### PROBLEM DESCRIPTION
Give back the whole listing exactly as it is written.

### DATA RECORDS

(* Upper slopes along a basis make the norm Frechet differentiable: the upper
   expansion at h, together with the one at -h and midpoint convexity,
   squeezes |x + h| - |x| - L h. *)
Lemma norm_differentiable_of_slopes (x : X) (d : 'I_n.+1 -> R) :
  (forall i, slope_bound x (basis i) (d i)) -> differentiable (fun y : X => `|y|) x.
Proof.
move=> hd; have [C C0 HC] := coord_bound.
have nR : 0 < n.+1%:R :> R by rewrite ltr0n.
have coord_sum y : \sum_i `|g y 0 i| <= n.+1%:R * (C * `|y|).
  apply: le_trans (_ : \sum_(i < n.+1) (C * `|y|) <= _).
    by apply: ler_sum => i _; apply: le_trans (HC y); exact: row_entry_le_norm.
  by rewrite sumr_const card_ord mulr_natl.
apply: (@differentiable_of_expansion _ _ _ _ (pack_linear (coord_form_linear d)) _ (coord_form_continuous d)).
apply/eqaddoP => eps eps0.
pose eta := eps / (n.+1%:R * C).
have eta0 : 0 < eta by rewrite divr_gt0 // mulr_gt0.
have [s0 hs0] := choice (fun i => hd i eta eta0).
have small : \forall h \near (0 : X), forall i, `|n.+1%:R * g h 0 i| <= s0 i.
  apply: filter_forall => i; apply/nbhs_norm0P.
  exists (s0 i / (n.+1%:R * C)) => [|h /= hh].
    by rewrite /= divr_gt0 ?mulr_gt0 // (hs0 i).1.
  rewrite normrM (ger0_norm (ltW nR)).
  apply: le_trans (_ : n.+1%:R * (C * `|h|) <= _).
    by rewrite ler_pM2l //; apply: le_trans (row_entry_le_norm (g h) i) (HC h).
  by rewrite mulrA -ler_pdivlMl ?mulr_gt0 // mulrC ltW.
apply: filterS small => h hh /=.
have gN : g (- h) = - g h := linearN G h.
have up := norm_expansion_upper _ _ _ _ _ (fun i => (hs0 i).2) hh.
have hhN i : `|n.+1%:R * g (- h) 0 i| <= s0 i by rewrite gN mxE mulrN normrN.
have down := norm_expansion_upper _ _ _ _ _ (fun i => (hs0 i).2) hhN.
have sumN : \sum_i `|g (- h) 0 i| = \sum_i `|g h 0 i|.
  by apply: eq_bigr => i _; rewrite gN mxE normrN.
have LN : coord_form d (- h) = - coord_form d h.
  exact: (linearN (pack_linear (coord_form_linear d))).
rewrite sumN LN in down.
have bound : eta * \sum_i `|g h 0 i| <= eps * `|h|.
  apply: le_trans (ler_wpM2l (ltW eta0) (coord_sum h)) _.
  by rewrite /eta [n.+1%:R * (C * _)]mulrA mulrA divfK // gt_eqF // mulr_gt0.
have mid := norm_midpoint_le x h.
change (`| `|h + x| - (`|x| + coord_form d h)| <= eps * `|h|).
rewrite (addrC h x) ler_norml; apply/andP; split; lra.
Qed.
End gateaux_to_frechet.
Arguments norm_differentiable_of_slopes {R X n f g} fK gK {x d}.

Definition antipodal_chords {R : realType} {X : normedModType R} (x : X) : Prop :=
  exists delta : R, 0 < delta /\ exists eps0 : R, 0 < eps0 /\
    forall eps : R, 0 < eps < eps0 ->
      exists u v : X,
        u \in unit_sphere X `\` [set x; - x] /\
        v \in unit_sphere X `\` [set x; - x] /\
        Num.max `|u - x| `|v + x| <= eps /\
        `|u - v| <= 2 - delta * eps.

Section norm_derivative.
Variables (R : realType) (X : normedModType R) (x : X).
Hypothesis dx : differentiable (fun y : X => `|y|) x.
Let L := 'd (fun y : X => `|y|) x.

Lemma norm_diff_local (eta : R) : 0 < eta -> exists2 rho : R, 0 < rho &
  forall h, `|h| < rho -> `| `|x + h| - `|x| - L h| <= eta * `|h|.
Proof.
move=> eta0; have /eqaddoP /(_ eta eta0) /nbhs_norm0P [rho rho0 hr] := diff_locally dx.
exists rho => // h /hr.
change (`| `|h + x| - (`|x| + L h)| <= eta * `|h| ->
  `| `|x + h| - `|x| - L h| <= eta * `|h|).
by rewrite (addrC h x) opprD addrA.
Qed.

(* L is a subgradient: by convexity the secant slope in direction h dominates
   its limit L h. *)
Lemma norm_diff_subgradient (h : X) : `|x| + L h <= `|x + h|.
Proof.
apply/ler_addgt0Pr => e e0; have hn := normr_ge0 h.
have h1 : 0 < `|h| + 1 by rewrite ltr_wpDl.
pose eta := e / (`|h| + 1).
have eta0 : 0 < eta by rewrite divr_gt0.
have eta_h : eta * `|h| <= e.
  by rewrite /eta mulrAC ler_pdivrMr // ler_pM2l // lerDl.
have [rho rho0 hr] := norm_diff_local _ eta0.
pose s := rho / (2 * (`|h| + rho)).
have hrho : 0 < `|h| + rho by rewrite ltr_wpDl.
have s0 : 0 < s by rewrite divr_gt0 // mulr_gt0.
have s1 : s <= 1 by rewrite ler_pdivrMr ?mulr_gt0 // mul1r; lra.
have shr : `|s *: h| < rho.
  rewrite normrZ gtr0_norm // /s mulrAC ltr_pdivrMr ?mulr_gt0 //.
  by rewrite ltr_pM2l //; nra.
have := hr _ shr; rewrite linearZ /= normrZ gtr0_norm // => /ler_normlP [loc _].
have := norm_secant_mono x h s0 s1; rewrite scale1r mulr1 => mono.
have s_eta : s * (eta * `|h|) <= s * e by rewrite ler_pM2l.
have : s * (`|x| + L h) <= s * (`|x + h| + e).
  change (s *: L h) with (s * L h) in loc; lra.
by rewrite ler_pM2l.
Qed.

Lemma norm_diff_le (z : X) : L z <= `|z|.
Proof.
have := norm_diff_subgradient z; have := ler_normD x z; lra.
Qed.

Lemma norm_diff_self : `|x| <= L x.
Proof.
have := norm_diff_subgradient (- x).
by rewrite subrr normr0 (linearN L); lra.
Qed.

### RESULT BELOW
(* Upper slopes along a basis make the norm Frechet differentiable: the upper
   expansion at h, together with the one at -h and midpoint convexity,
   squeezes |x + h| - |x| - L h. *)
Lemma norm_differentiable_of_slopes (x : X) (d : 'I_n.+1 -> R) :
  (forall i, slope_bound x (basis i) (d i)) -> differentiable (fun y : X => `|y|) x.
Proof.
move=> hd; have [C C0 HC] := coord_bound.
have nR : 0 < n.+1%:R :> R by rewrite ltr0n.
have coord_sum y : \sum_i `|g y 0 i| <= n.+1%:R * (C * `|y|).
  apply: le_trans (_ : \sum_(i < n.+1) (C * `|y|) <= _).
    by apply: ler_sum => i _; apply: le_trans (HC y); exact: row_entry_le_norm.
  by rewrite sumr_const card_ord mulr_natl.
apply: (@differentiable_of_expansion _ _ _ _ (pack_linear (coord_form_linear d)) _ (coord_form_continuous d)).
apply/eqaddoP => eps eps0.
pose eta := eps / (n.+1%:R * C).
have eta0 : 0 < eta by rewrite divr_gt0 // mulr_gt0.
have [s0 hs0] := choice (fun i => hd i eta eta0).
have small : \forall h \near (0 : X), forall i, `|n.+1%:R * g h 0 i| <= s0 i.
  apply: filter_forall => i; apply/nbhs_norm0P.
  exists (s0 i / (n.+1%:R * C)) => [|h /= hh].
    by rewrite /= divr_gt0 ?mulr_gt0 // (hs0 i).1.
  rewrite normrM (ger0_norm (ltW nR)).
  apply: le_trans (_ : n.+1%:R * (C * `|h|) <= _).
    by rewrite ler_pM2l //; apply: le_trans (row_entry_le_norm (g h) i) (HC h).
  by rewrite mulrA -ler_pdivlMl ?mulr_gt0 // mulrC ltW.
apply: filterS small => h hh /=.
have gN : g (- h) = - g h := linearN G h.
have up := norm_expansion_upper _ _ _ _ _ (fun i => (hs0 i).2) hh.
have hhN i : `|n.+1%:R * g (- h) 0 i| <= s0 i by rewrite gN mxE mulrN normrN.
have down := norm_expansion_upper _ _ _ _ _ (fun i => (hs0 i).2) hhN.
have sumN : \sum_i `|g (- h) 0 i| = \sum_i `|g h 0 i|.
  by apply: eq_bigr => i _; rewrite gN mxE normrN.
have LN : coord_form d (- h) = - coord_form d h.
  exact: (linearN (pack_linear (coord_form_linear d))).
rewrite sumN LN in down.
have bound : eta * \sum_i `|g h 0 i| <= eps * `|h|.
  apply: le_trans (ler_wpM2l (ltW eta0) (coord_sum h)) _.
  by rewrite /eta [n.+1%:R * (C * _)]mulrA mulrA divfK // gt_eqF // mulr_gt0.
have mid := norm_midpoint_le x h.
change (`| `|h + x| - (`|x| + coord_form d h)| <= eps * `|h|).
rewrite (addrC h x) ler_norml; apply/andP; split; lra.
Qed.
End gateaux_to_frechet.
Arguments norm_differentiable_of_slopes {R X n f g} fK gK {x d}.

Definition antipodal_chords {R : realType} {X : normedModType R} (x : X) : Prop :=
  exists delta : R, 0 < delta /\ exists eps0 : R, 0 < eps0 /\
    forall eps : R, 0 < eps < eps0 ->
      exists u v : X,
        u \in unit_sphere X `\` [set x; - x] /\
        v \in unit_sphere X `\` [set x; - x] /\
        Num.max `|u - x| `|v + x| <= eps /\
        `|u - v| <= 2 - delta * eps.

Section norm_derivative.
Variables (R : realType) (X : normedModType R) (x : X).
Hypothesis dx : differentiable (fun y : X => `|y|) x.
Let L := 'd (fun y : X => `|y|) x.

Lemma norm_diff_local (eta : R) : 0 < eta -> exists2 rho : R, 0 < rho &
  forall h, `|h| < rho -> `| `|x + h| - `|x| - L h| <= eta * `|h|.
Proof.
move=> eta0; have /eqaddoP /(_ eta eta0) /nbhs_norm0P [rho rho0 hr] := diff_locally dx.
exists rho => // h /hr.
change (`| `|h + x| - (`|x| + L h)| <= eta * `|h| ->
  `| `|x + h| - `|x| - L h| <= eta * `|h|).
by rewrite (addrC h x) opprD addrA.
Qed.

(* L is a subgradient: by convexity the secant slope in direction h dominates
   its limit L h. *)
Lemma norm_diff_subgradient (h : X) : `|x| + L h <= `|x + h|.
Proof.
apply/ler_addgt0Pr => e e0; have hn := normr_ge0 h.
have h1 : 0 < `|h| + 1 by rewrite ltr_wpDl.
pose eta := e / (`|h| + 1).
have eta0 : 0 < eta by rewrite divr_gt0.
have eta_h : eta * `|h| <= e.
  by rewrite /eta mulrAC ler_pdivrMr // ler_pM2l // lerDl.
have [rho rho0 hr] := norm_diff_local _ eta0.
pose s := rho / (2 * (`|h| + rho)).
have hrho : 0 < `|h| + rho by rewrite ltr_wpDl.
have s0 : 0 < s by rewrite divr_gt0 // mulr_gt0.
have s1 : s <= 1 by rewrite ler_pdivrMr ?mulr_gt0 // mul1r; lra.
have shr : `|s *: h| < rho.
  rewrite normrZ gtr0_norm // /s mulrAC ltr_pdivrMr ?mulr_gt0 //.
  by rewrite ltr_pM2l //; nra.
have := hr _ shr; rewrite linearZ /= normrZ gtr0_norm // => /ler_normlP [loc _].
have := norm_secant_mono x h s0 s1; rewrite scale1r mulr1 => mono.
have s_eta : s * (eta * `|h|) <= s * e by rewrite ler_pM2l.
have : s * (`|x| + L h) <= s * (`|x + h| + e).
  change (s *: L h) with (s * L h) in loc; lra.
by rewrite ler_pM2l.
Qed.

Lemma norm_diff_le (z : X) : L z <= `|z|.
Proof.
have := norm_diff_subgradient z; have := ler_normD x z; lra.
Qed.

Lemma norm_diff_self : `|x| <= L x.
Proof.
have := norm_diff_subgradient (- x).
by rewrite subrr normr0 (linearN L); lra.
Qed.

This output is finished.